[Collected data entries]

###

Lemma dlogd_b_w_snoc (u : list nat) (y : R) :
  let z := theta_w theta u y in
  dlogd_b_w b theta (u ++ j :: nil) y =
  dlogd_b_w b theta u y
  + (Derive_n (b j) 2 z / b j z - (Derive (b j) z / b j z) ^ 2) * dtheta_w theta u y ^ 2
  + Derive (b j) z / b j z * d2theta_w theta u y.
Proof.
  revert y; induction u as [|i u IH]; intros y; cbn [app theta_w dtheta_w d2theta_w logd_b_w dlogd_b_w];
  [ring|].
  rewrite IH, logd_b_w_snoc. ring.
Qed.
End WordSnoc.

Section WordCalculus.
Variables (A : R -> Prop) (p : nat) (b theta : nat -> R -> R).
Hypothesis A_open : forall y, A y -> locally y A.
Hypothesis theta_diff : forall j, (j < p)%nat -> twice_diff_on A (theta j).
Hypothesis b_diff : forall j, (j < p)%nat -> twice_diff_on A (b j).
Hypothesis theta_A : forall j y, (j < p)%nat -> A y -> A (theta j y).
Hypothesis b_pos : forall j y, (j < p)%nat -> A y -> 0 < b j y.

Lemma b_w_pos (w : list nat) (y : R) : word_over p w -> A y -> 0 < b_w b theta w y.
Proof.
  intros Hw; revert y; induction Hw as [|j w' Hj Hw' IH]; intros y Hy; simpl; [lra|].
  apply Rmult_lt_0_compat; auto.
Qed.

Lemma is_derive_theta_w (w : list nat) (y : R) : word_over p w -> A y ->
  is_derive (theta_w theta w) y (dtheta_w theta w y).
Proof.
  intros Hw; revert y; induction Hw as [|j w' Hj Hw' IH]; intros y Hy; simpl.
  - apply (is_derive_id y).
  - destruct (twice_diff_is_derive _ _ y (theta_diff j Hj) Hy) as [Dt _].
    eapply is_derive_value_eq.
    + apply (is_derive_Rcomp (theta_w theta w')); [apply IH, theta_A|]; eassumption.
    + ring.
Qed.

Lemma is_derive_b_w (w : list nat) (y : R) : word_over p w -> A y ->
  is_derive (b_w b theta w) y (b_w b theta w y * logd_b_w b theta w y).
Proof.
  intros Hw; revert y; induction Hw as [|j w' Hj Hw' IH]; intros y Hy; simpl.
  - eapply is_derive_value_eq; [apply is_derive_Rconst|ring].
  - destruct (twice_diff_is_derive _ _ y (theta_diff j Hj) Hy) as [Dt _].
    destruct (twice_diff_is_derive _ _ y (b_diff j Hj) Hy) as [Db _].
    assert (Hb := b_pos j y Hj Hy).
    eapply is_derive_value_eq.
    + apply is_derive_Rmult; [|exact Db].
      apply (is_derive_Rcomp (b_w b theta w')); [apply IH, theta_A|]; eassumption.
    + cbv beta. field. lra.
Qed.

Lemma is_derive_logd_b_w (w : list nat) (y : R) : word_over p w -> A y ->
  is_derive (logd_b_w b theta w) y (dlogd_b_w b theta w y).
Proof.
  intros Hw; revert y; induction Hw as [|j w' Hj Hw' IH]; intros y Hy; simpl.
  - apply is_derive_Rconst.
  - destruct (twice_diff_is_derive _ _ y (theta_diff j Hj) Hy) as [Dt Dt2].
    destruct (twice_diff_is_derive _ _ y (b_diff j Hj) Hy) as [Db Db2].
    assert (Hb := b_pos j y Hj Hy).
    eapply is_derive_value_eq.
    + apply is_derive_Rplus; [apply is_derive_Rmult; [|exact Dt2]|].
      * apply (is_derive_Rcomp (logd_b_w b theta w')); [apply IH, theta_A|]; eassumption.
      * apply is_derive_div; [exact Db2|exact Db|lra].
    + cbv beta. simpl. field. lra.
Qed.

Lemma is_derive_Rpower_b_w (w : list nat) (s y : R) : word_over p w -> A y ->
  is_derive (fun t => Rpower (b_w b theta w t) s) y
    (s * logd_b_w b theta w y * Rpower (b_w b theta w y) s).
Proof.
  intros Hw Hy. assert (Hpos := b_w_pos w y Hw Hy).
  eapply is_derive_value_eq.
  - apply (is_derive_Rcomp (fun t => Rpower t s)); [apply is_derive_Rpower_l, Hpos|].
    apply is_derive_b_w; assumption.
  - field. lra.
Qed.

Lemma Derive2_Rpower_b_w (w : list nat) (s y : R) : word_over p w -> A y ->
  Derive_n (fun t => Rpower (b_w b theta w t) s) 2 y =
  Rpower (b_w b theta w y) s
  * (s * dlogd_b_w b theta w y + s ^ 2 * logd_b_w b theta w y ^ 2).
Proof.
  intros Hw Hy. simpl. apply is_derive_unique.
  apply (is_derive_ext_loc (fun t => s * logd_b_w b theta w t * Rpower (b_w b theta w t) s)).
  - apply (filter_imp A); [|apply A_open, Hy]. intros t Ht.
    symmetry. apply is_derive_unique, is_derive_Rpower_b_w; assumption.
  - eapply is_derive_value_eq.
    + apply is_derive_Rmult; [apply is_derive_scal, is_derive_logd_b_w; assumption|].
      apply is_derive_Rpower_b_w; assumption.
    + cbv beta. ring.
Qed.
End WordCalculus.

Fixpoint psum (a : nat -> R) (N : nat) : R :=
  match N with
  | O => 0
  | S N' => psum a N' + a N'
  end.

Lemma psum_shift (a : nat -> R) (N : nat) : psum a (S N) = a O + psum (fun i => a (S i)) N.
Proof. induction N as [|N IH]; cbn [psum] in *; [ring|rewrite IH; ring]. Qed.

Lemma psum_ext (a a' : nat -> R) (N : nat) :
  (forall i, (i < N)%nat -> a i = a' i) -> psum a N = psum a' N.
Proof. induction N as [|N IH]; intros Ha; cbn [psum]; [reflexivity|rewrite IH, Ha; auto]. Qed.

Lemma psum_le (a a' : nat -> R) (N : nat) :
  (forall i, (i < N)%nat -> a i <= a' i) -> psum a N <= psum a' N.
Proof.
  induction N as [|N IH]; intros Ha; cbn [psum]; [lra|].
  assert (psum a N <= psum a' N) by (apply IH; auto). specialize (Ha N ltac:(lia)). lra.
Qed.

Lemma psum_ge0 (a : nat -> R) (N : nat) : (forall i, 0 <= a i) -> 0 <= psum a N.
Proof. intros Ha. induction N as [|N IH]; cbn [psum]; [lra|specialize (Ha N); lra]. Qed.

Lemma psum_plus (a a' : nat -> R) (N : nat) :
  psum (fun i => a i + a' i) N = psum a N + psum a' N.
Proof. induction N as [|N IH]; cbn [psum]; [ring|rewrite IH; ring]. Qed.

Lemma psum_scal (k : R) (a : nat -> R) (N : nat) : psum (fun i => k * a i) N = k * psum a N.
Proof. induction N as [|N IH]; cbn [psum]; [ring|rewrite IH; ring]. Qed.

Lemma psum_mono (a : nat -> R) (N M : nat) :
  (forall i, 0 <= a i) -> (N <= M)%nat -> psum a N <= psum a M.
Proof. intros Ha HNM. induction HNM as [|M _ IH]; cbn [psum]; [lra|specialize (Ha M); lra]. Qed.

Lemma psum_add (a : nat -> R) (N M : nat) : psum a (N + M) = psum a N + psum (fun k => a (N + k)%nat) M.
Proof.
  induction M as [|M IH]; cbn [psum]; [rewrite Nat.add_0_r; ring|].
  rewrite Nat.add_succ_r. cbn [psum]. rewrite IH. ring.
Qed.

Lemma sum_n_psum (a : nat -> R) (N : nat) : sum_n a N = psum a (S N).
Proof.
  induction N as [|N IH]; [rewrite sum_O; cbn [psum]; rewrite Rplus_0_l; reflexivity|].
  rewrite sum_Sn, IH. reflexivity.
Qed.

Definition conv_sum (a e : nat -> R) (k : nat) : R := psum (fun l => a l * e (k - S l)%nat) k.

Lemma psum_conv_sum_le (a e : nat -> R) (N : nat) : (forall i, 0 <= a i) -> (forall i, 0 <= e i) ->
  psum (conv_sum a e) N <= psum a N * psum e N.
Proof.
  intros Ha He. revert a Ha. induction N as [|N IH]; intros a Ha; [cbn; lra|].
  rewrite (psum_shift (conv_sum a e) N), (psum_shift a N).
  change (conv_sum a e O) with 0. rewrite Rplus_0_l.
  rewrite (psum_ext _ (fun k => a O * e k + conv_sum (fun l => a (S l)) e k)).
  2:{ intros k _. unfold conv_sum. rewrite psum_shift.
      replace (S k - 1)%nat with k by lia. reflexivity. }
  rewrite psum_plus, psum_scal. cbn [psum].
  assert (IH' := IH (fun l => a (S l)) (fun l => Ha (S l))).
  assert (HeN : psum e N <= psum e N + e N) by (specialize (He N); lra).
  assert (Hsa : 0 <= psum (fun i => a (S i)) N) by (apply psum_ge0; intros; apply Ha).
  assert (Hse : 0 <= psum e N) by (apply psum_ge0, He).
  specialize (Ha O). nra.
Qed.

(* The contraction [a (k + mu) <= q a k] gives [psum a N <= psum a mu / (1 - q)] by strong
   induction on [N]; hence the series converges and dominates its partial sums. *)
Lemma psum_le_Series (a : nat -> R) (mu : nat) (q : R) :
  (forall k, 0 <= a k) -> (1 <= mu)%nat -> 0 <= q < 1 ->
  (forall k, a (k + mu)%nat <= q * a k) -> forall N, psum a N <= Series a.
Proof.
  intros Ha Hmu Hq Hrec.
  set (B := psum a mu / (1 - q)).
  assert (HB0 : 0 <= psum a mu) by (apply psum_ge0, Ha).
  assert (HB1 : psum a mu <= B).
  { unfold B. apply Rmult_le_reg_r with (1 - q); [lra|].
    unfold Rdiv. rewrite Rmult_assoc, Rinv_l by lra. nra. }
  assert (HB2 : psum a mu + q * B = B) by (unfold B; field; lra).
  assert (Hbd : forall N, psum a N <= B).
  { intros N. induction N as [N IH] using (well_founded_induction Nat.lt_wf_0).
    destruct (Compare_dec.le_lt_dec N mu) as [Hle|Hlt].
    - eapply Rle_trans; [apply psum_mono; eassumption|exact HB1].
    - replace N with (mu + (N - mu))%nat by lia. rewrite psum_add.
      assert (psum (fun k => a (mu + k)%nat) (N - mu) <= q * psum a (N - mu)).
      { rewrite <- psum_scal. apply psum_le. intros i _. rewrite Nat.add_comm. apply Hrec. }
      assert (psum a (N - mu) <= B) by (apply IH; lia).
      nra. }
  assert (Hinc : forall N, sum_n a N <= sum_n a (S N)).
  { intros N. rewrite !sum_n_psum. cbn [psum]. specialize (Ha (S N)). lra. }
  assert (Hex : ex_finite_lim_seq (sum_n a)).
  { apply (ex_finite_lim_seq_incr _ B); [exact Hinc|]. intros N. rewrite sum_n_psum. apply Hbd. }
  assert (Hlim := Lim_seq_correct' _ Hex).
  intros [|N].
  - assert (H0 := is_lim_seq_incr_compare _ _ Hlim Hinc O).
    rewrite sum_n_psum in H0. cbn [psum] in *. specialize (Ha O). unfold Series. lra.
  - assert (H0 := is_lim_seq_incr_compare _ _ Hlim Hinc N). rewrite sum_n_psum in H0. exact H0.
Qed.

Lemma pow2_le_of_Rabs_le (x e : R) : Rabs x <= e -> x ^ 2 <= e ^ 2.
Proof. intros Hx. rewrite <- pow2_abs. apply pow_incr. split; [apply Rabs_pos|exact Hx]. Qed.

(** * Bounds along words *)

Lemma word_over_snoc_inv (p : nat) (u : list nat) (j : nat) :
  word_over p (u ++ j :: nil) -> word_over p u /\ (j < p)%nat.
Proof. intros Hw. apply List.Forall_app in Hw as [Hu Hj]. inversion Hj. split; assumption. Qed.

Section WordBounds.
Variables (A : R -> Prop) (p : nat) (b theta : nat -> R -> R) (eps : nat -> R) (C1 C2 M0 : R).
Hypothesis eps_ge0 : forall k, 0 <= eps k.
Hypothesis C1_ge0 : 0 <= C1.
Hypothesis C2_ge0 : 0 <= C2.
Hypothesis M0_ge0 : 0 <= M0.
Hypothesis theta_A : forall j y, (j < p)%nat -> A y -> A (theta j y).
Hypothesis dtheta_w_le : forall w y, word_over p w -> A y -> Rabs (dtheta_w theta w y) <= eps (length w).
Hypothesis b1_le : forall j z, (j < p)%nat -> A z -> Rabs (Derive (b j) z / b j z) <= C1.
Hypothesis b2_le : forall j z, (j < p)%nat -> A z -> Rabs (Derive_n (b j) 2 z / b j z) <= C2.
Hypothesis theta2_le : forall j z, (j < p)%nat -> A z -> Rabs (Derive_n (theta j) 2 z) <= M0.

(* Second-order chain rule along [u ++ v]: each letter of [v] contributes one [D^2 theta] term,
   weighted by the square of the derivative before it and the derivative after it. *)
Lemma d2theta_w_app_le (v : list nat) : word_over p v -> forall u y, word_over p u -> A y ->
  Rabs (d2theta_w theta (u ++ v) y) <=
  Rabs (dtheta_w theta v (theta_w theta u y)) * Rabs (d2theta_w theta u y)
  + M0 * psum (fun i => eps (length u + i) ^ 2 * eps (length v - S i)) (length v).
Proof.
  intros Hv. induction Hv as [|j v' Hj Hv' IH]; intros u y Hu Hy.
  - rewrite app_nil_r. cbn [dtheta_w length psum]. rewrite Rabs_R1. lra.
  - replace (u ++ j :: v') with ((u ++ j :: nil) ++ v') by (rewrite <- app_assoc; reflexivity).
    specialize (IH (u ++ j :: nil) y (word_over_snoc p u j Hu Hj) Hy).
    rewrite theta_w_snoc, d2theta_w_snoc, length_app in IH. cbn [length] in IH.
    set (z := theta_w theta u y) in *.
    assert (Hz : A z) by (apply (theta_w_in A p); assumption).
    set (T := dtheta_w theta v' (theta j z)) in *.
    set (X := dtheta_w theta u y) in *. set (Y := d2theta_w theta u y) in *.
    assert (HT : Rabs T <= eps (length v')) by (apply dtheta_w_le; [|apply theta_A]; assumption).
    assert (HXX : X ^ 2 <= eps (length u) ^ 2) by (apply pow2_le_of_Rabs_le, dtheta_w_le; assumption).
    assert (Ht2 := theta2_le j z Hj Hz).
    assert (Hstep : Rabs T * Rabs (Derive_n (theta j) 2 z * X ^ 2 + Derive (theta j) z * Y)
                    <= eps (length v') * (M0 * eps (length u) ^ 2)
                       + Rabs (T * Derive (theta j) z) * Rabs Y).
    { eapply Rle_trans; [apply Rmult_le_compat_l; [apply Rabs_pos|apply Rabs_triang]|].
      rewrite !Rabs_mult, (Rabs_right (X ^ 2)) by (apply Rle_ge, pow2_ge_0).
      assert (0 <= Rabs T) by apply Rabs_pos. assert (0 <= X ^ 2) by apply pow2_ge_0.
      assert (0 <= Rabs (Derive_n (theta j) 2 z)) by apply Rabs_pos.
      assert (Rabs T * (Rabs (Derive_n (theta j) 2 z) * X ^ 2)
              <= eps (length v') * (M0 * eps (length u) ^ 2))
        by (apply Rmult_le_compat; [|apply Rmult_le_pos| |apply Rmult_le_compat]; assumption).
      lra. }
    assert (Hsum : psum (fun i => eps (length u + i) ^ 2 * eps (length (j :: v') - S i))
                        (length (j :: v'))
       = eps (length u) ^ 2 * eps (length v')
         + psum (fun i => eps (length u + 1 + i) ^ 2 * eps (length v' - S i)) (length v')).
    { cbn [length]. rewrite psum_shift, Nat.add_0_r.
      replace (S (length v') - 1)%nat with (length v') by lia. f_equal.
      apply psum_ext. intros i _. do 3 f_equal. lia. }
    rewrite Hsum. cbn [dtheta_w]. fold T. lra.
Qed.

###

* **Task prompt**
Go through the records above and return every line that holds the string "Section".

* **Expected answer**
Section WordCalculus.
Section WordBounds.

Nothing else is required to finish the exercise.